What if we already had a health care system that did not gouge the needy and penalize the sick, but instead actively worked to prevent illness? Transitioning such a system to offering free COVID-19 screenings might not be so challenging, rather than having people rely on emergency rooms when they think they may have symptoms.
What if we already had a robust social services network to address homelessness and the food, housing, and other security needs of low-income households? Maybe the burden of providing these essential human needs wouldn’t be shouldered on the backs of school districts, and they could focus on providing finding remote ways to provide instruction rather than acting as a last-ditch food bank, clinic, and mental health care facility.
As frantic shoppers battle it out over bundles of toilet paper, I’m over in the toy aisle, alone, browsing the board games. I’ll be delighted to host a little Dungeons & Dragons campaign with my kids, just after we log off from an online educational service and close our tutoring workbooks. Then we can maybe head down to the park a block away to run off our energy before I prepare them healthy snacks.
But that’s my luxury. Not everyone will be able to share that schedule if the schools close. Not everyone has a food pantry already stocked, ready to self-quarantine if the need arises. Internet. A third-floor game room. Availability to stay home and teach and play with their kids.
Time is long overdue for us to look at how we support the poor, listen to their needs and stop ignoring them. Education is for all, so let all children share in the opportunity to be educated. Let teachers teach. Let schools be schools. While I recognize the value of offering some social services in school buildings, meeting children where their need is, also let us be clear that the schools are providing the preponderance of services now for low income or homeless students, not because it is expedient for the student but out of necessity — because no one else is.
The federal government of Italy has suspended all mortgage and debt payments, which is a great consideration when every household is forbidden from milling about in the public sphere, going to work, earning a living. Will our government be so kind, even in that most practical and simple gesture?

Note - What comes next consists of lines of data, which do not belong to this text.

Lemma ps_inv_agree {n f g} : ps_agree n f g -> ps_agree n (ps_inv f) (ps_inv g).
Proof.
have seqE m : ps_agree m f g -> ps_inv_seq f m = ps_inv_seq g m.
  elim: m => [|m IHm] efg /=; first by rewrite efg.
  rewrite IHm => [|i le_im]; last exact/efg/leqW.
  by rewrite efg //; congr (rcons _ (_ * _)); apply: eq_bigr => i _; rewrite efg.
move=> efg i le_in.
by rewrite /ps_inv -(@ps_inv_seq_prefix f i n) ?leqnn // seqE // (@ps_inv_seq_prefix g i n) ?leqnn.
Qed.

Lemma ps_mulV f : f 0%N != 0 -> ps_mul f (ps_inv f) = ps_one K.
Proof.
move=> f0; apply: ps_ext => -[|n]; first by rewrite ps_mul_coef0 mulfV.
rewrite /ps_mul big_ord_recl subn0 ps_invS mulrA mulrN mulfV // mulN1r.
by rewrite /ps_one /ps_const /= addNr.
Qed.

Lemma ps_divr_eq f g h : g 0%N != 0 -> ps_mul f g = h -> f = ps_mul h (ps_inv g).
Proof. by move=> g0 <-; rewrite -ps_mulA ps_mulV // ps_mulr1. Qed.

Lemma ps_inv1 : ps_inv (ps_one K) = ps_one K.
Proof.
symmetry; rewrite -[ps_inv _]ps_mul1; apply: ps_divr_eq; last exact: ps_mul1.
by rewrite /ps_one /ps_const oner_neq0.
Qed.

Lemma ps_invKl f g h : g 0%N != 0 ->
  ps_mul (ps_mul f (ps_inv g)) (ps_mul g h) = ps_mul f h.
Proof.
by move=> g0; rewrite -ps_mulA (ps_mulA (ps_inv g)) (ps_mulC (ps_inv g)) ps_mulV // ps_mul1.
Qed.

Lemma ps_invM f g : f 0%N != 0 -> g 0%N != 0 ->
  ps_inv (ps_mul f g) = ps_mul (ps_inv f) (ps_inv g).
Proof.
move=> f0 g0; symmetry; rewrite -[ps_inv (ps_mul f g)]ps_mul1.
apply: ps_divr_eq; first by rewrite ps_mul_coef0 mulf_neq0.
by rewrite (ps_mulC f) ps_invKl // ps_mulC ps_mulV.
Qed.

Lemma ps_lim_agree {F : nat -> ps} {S} n : ps_lim F S ->
  exists M, forall m, (M <= m)%N -> ps_agree n (F m) S.
Proof.
move=> limFS; elim: n => [|n [M1 IHn]].
  by have [M eM] := limFS 0%N; exists M => m le_Mm i; rewrite leqn0 => /eqP ->; apply: eM.
have [M2 eM2] := limFS n.+1; exists (maxn M1 M2) => m; rewrite geq_max => /andP[le1 le2] i.
by rewrite leq_eqVlt ltnS => /orP[/eqP -> | ]; [apply: eM2 | apply: IHn].
Qed.

Lemma ps_sum_to_exists (F : nat -> ps) :
  (forall k i, (i < k)%N -> F k i = 0) -> exists S, ps_sum_to F S.
Proof.
move=> F_ord; exists (fun n => (\big[@ps_add K/ps_zero K]_(k < n.+1) F k) n).
move=> n; exists n.+1 => m le_nm; rewrite !ps_sum_coef.
rewrite -(subnKC le_nm) big_split_ord /= [X in _ + X]big1 ?addr0 // => i _.
by apply: F_ord; rewrite ltnS leq_addr.
Qed.

Lemma qprod_dvdp c lo hi : 'X^lo %| qprod c%:P 'X lo hi - 1.
Proof.
rewrite /qprod big_nat_cond; apply: (big_ind (fun p => 'X^lo %| p - 1)).
- by rewrite subrr dvdp0.
- move=> p r dvd_p dvd_r; rewrite (_ : p * r - 1 = (p - 1) * r + (r - 1)); last by ring.
  by rewrite dvdp_add ?dvdp_mulr.
- by move=> j /andP[/andP[le_lo_j _] _]; rewrite addrAC subrr add0r dvdpNr dvdp_mull // dvdp_exp2l.
Qed.

Lemma qprod_coef0 c lo hi : (0 < lo)%N -> (qprod c%:P 'X lo hi)`_0 = 1.
Proof.
move=> lo_gt0; rewrite /qprod coef0_prod big_nat_cond big1 // => j /andP[/andP[le_lo_j _] _].
by rewrite coefB coef1 coefCM coefXn eqxx ltn_eqF ?(leq_trans lo_gt0 le_lo_j) ?mulr0 ?subr0.
Qed.

Lemma ps_of_poly_qfactor c k :
  ps_of_poly (1 - c%:P * 'X^k) = ps_sub (ps_one K) (ps_scale c (ps_qpow K k)).
Proof.
apply: ps_ext => i; rewrite /ps_sub /ps_add /ps_opp /ps_scale /ps_one /ps_const /ps_qpow.
by rewrite /ps_of_poly coefB coef1 coefCM coefXn; case: (i == 0)%N; case: (i == k).
Qed.

Lemma qpoch_cqE c n : qpoch_cq c n = ps_of_poly (qprod c%:P 'X 1 n.+1).
Proof.
by rewrite /qpoch_cq /qprod ps_of_poly_prod; apply: eq_bigr => k _; rewrite ps_of_poly_qfactor.
Qed.

Lemma ps_of_qprod_coef0 c lo hi : (0 < lo)%N -> ps_of_poly (qprod c%:P 'X lo hi) 0%N != 0.
Proof. by move=> lo_gt0; rewrite /ps_of_poly qprod_coef0 ?oner_neq0. Qed.

Lemma qprodM_coef0 c d lo hi lo' hi' : (0 < lo)%N -> (0 < lo')%N ->
  ps_of_poly (qprod c%:P 'X lo hi * qprod d%:P 'X lo' hi') 0%N != 0.
Proof. by move=> lo_gt0 lo'_gt0; rewrite ps_of_polyM ps_mul_coef0 mulf_neq0 ?ps_of_qprod_coef0. Qed.

End PowerSeries.

HB.instance Definition _ (K : fieldType) :=
  Monoid.isComLaw.Build (ps K) (ps_one K) (@ps_mul K) ps_mulA ps_mulC ps_mul1.

Section TruncatedIdentity.
Context {K : fieldType} (a b : K).
Local Notation ps := (ps K).
Local Notation psum F M := (\big[@ps_add K/ps_zero K]_(k < M) F k).

Definition theta_coef j : K := (-1) ^+ j * b ^+ j * a ^- j.

Definition lhs_term n : ps :=
  ps_mul (ps_qpow K n.+1) (ps_mul (ps_inv (qpoch_cq a n.+1)) (ps_inv (qpoch_cq b n.+1))).
Definition rhs_term1 n : ps :=
  ps_scale (theta_coef n.+1) (ps_mul (ps_qpow K 'C(n.+2, 2)) (ps_inv (qpoch_cq b n.+1))).
Definition rhs_term2 n : ps := ps_scale (theta_coef n) (ps_qpow K 'C(n.+1, 2)).
Definition prod_factor k : ps :=
  ps_inv (ps_mul (ps_sub (ps_one K) (ps_scale a (ps_qpow K k.+1)))
                 (ps_sub (ps_one K) (ps_scale b (ps_qpow K k.+1)))).

Definition qden M : {poly K} := qprod a%:P 'X 1 M.+1 * qprod b%:P 'X 1 M.+1.

Local Notation Y M := (finite_lhs a%:P b%:P 'X 0 M).
Local Notation R1 M := (finite_rhs1 a%:P (a^-1)%:P b%:P 'X 0 M).
Local Notation R2 M := (finite_rhs2 a%:P (a^-1)%:P b%:P 'X 0 M).
Local Notation e := (rhs_coef (a^-1)%:P b%:P 'X 0).

Lemma qden_coef0 M : ps_of_poly (qden M) 0%N != 0.
Proof. exact: qprodM_coef0. Qed.

Lemma qden_agree {n m} :
  (n <= m)%N -> ps_agree n (ps_of_poly (qden m)) (ps_of_poly (qden n)).
Proof.
move=> le_nm; apply: ps_agree_of_dvdp; rewrite /qden !(@qprod_cat _ _ _ 1 n.+1 m.+1) //.
move: (qprod_dvdp a n.+1 m.+1) (qprod_dvdp b n.+1 m.+1).
set A := qprod a%:P _ n.+1 _; set B := qprod b%:P _ n.+1 _ => dA dB.
rewrite (_ : _ - _ = qden n * ((A - 1) * B + (B - 1))); last by rewrite /qden; ring.
by rewrite dvdp_mull // dvdp_add ?dvdp_mulr.
Qed.

Lemma prod_factor_prod M :
  \big[@ps_mul K/ps_one K]_(k < M) prod_factor k = ps_inv (ps_of_poly (qden M)).
Proof.
elim: M => [|M IHM]; first by rewrite big_ord0 /qden !qprod_nn mulr1 ps_of_poly1 ps_inv1.
rewrite big_ord_recr /= IHM.
have -> : prod_factor M =
    ps_inv (ps_of_poly (qprod a%:P 'X M.+1 M.+2 * qprod b%:P 'X M.+1 M.+2)).
  by rewrite /prod_factor /qprod !big_nat1 ps_of_polyM !ps_of_poly_qfactor.
rewrite -ps_invM ?qden_coef0 ?qprodM_coef0 // -ps_of_polyM /qden.
by rewrite !(@qprod_cat _ _ _ 1 M.+1 M.+2) ?leqnSn //; congr (ps_inv (ps_of_poly _)); ring.
Qed.

Lemma lhs_term_cleared n M : (n <= M)%N ->
  ps_mul (ps_mul (ps_qpow K n) (ps_mul (ps_inv (qpoch_cq a n)) (ps_inv (qpoch_cq b n))))
         (ps_of_poly (qden M))
  = ps_of_poly ('X^n * qprod a%:P 'X n.+1 M.+1 * qprod b%:P 'X n.+1 M.+1).
Proof.
move=> le_nM.
have -> : qden M = (qprod a%:P 'X 1 n.+1 * qprod b%:P 'X 1 n.+1)
                   * (qprod a%:P 'X n.+1 M.+1 * qprod b%:P 'X n.+1 M.+1).
  by rewrite /qden !(@qprod_cat _ _ _ 1 n.+1 M.+1) //; ring.
rewrite !qpoch_cqE -ps_invM ?ps_of_qprod_coef0 // -ps_of_polyM.
rewrite [ps_of_poly (_ * (_ * _))]ps_of_polyM ps_invKl ?qprodM_coef0 //.
by rewrite -mulrA [ps_of_poly ('X^n * _)]ps_of_polyM ps_of_polyXn.
Qed.

Lemma lhs_partial M :
  ps_add (ps_one K) (psum lhs_term M) =
  ps_mul (ps_of_poly (Y M)) (ps_inv (ps_of_poly (qden M))).
Proof.
apply: ps_divr_eq; first exact: qden_coef0.
rewrite ps_mulDl ps_sum_mull ps_mul1 /finite_lhs big_ord_recl ps_of_polyD ps_of_poly_sum.
congr ps_add; first by rewrite /= expr0 mul1r !addn0.
by apply: eq_bigr => k _; rewrite lift0 !addn0 lhs_term_cleared.
Qed.

Lemma rhs_coef_polyE j : e j = theta_coef j *: 'X^('C(j.+1, 2)).
Proof.
rewrite /rhs_coef /theta_coef muln0 add0n -mul_polyC; congr (_ * _).
by rewrite -polyCM -polyCN -polyC_exp -[- (b / a)]mulN1r !exprMn exprVn mulrA.
Qed.

Lemma rhs_term1_cleared j M : (j <= M)%N ->
  ps_mul (ps_scale (theta_coef j) (ps_mul (ps_qpow K 'C(j.+1, 2)) (ps_inv (qpoch_cq b j))))
         (ps_of_poly (qden M))
  = ps_of_poly (e j * qprod a%:P 'X 1 M.+1 * qprod b%:P 'X j.+1 M.+1).
Proof.
move=> le_jM; rewrite qpoch_cqE.
have -> : qden M = qprod b%:P 'X 1 j.+1 * (qprod a%:P 'X 1 M.+1 * qprod b%:P 'X j.+1 M.+1).
  by rewrite /qden (qprod_cat b%:P _ 1 j.+1 M.+1) //; ring.
rewrite ps_mulZl ps_of_polyM ps_invKl ?ps_of_qprod_coef0 //.
by rewrite rhs_coef_polyE -!mulrA -scalerAl ps_of_polyZ !ps_of_polyM ps_of_polyXn.
Qed.

Lemma rhs1_partial M :
  ps_add (ps_one K) (psum rhs_term1 M) =
  ps_mul (ps_of_poly (R1 M)) (ps_inv (ps_of_poly (qden M))).
Proof.
apply: ps_divr_eq; first exact: qden_coef0.
rewrite ps_mulDl ps_sum_mull ps_mul1 /finite_rhs1 big_ord_recl ps_of_polyD ps_of_poly_sum.
congr ps_add; first by rewrite /= rhs_coef0 mul1r !addn0.
by apply: eq_bigr => k _; rewrite lift0 add0n addn0 rhs_term1_cleared.
Qed.

Lemma rhs2_partial M : psum rhs_term2 M = ps_of_poly (\sum_(j < M) e j).
Proof.
rewrite ps_of_poly_sum; apply: eq_bigr => j _.
by rewrite rhs_coef_polyE ps_of_polyZ ps_of_polyXn.
Qed.

Lemma rhs_coef_dvdp N j d p :
  (N < 'C(j.+1, 2) + d)%N -> 'X^d %| p -> 'X^(N.+1) %| e j * p.
Proof.
move=> ltN dvd_p; rewrite rhs_coef_polyE -scalerAl -mul_polyC dvdp_mull //.
apply: dvdp_trans (dvdp_mul (dvdpp _) dvd_p); rewrite -exprD; exact: dvdp_exp2l.
Qed.

Lemma rhs2_dvdp {N M} : (N < M)%N -> 'X^(N.+1) %| R2 M - \sum_(j < M) e j.
Proof.
move=> ltNM; rewrite /finite_rhs2 big_ord_recr /= addrAC -sumrB dvdp_add //.
  apply: (big_ind (fun p => 'X^(N.+1) %| p)) => [|p r|j _]; [exact: dvdp0 | exact: dvdp_add |].
  rewrite /= -{2}[e j]mulr1 -mulrBr (@rhs_coef_dvdp N j (M - j).+1) ?qprod_dvdp //.
  by have := leq_bin2 j; have := ltn_ord j; lia.
rewrite (@rhs_coef_dvdp N M 0) ?expr0 ?dvd1p //.
by rewrite addn0; apply: leq_trans ltNM (leq_bin2 M).
Qed.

If this virus serves a purpose other than bubbling the stock for hand sanitizer, let that purpose be that it holds a mirror to our face as a society. We need to see how ugly we sometimes are to our most vulnerable, to our children, to our working parents. Ideally, we would already have support services in place to help those in need, especially during times of national crises. But we don’t. We’ve cut, trimmed, and reallocated budgets meant to help the powerless, to help those who have no voice calling out to power on their behalf.
So now we must leave the schools open so those children who need it can eat, be safe, learn, play, and be with trusted adults. The consequences could be terrible, but that is the situation we have created for ourselves by allowing policies that are callous to the poor.
EDIT March 16 2020: All schools must now close! We have moved beyond the strategy of containment and must embrace a strategy of isolation. The outbreak has proliferated through the US and the number of infected is expected to double weekly. At this point, we must close not only schools, but all non essential services.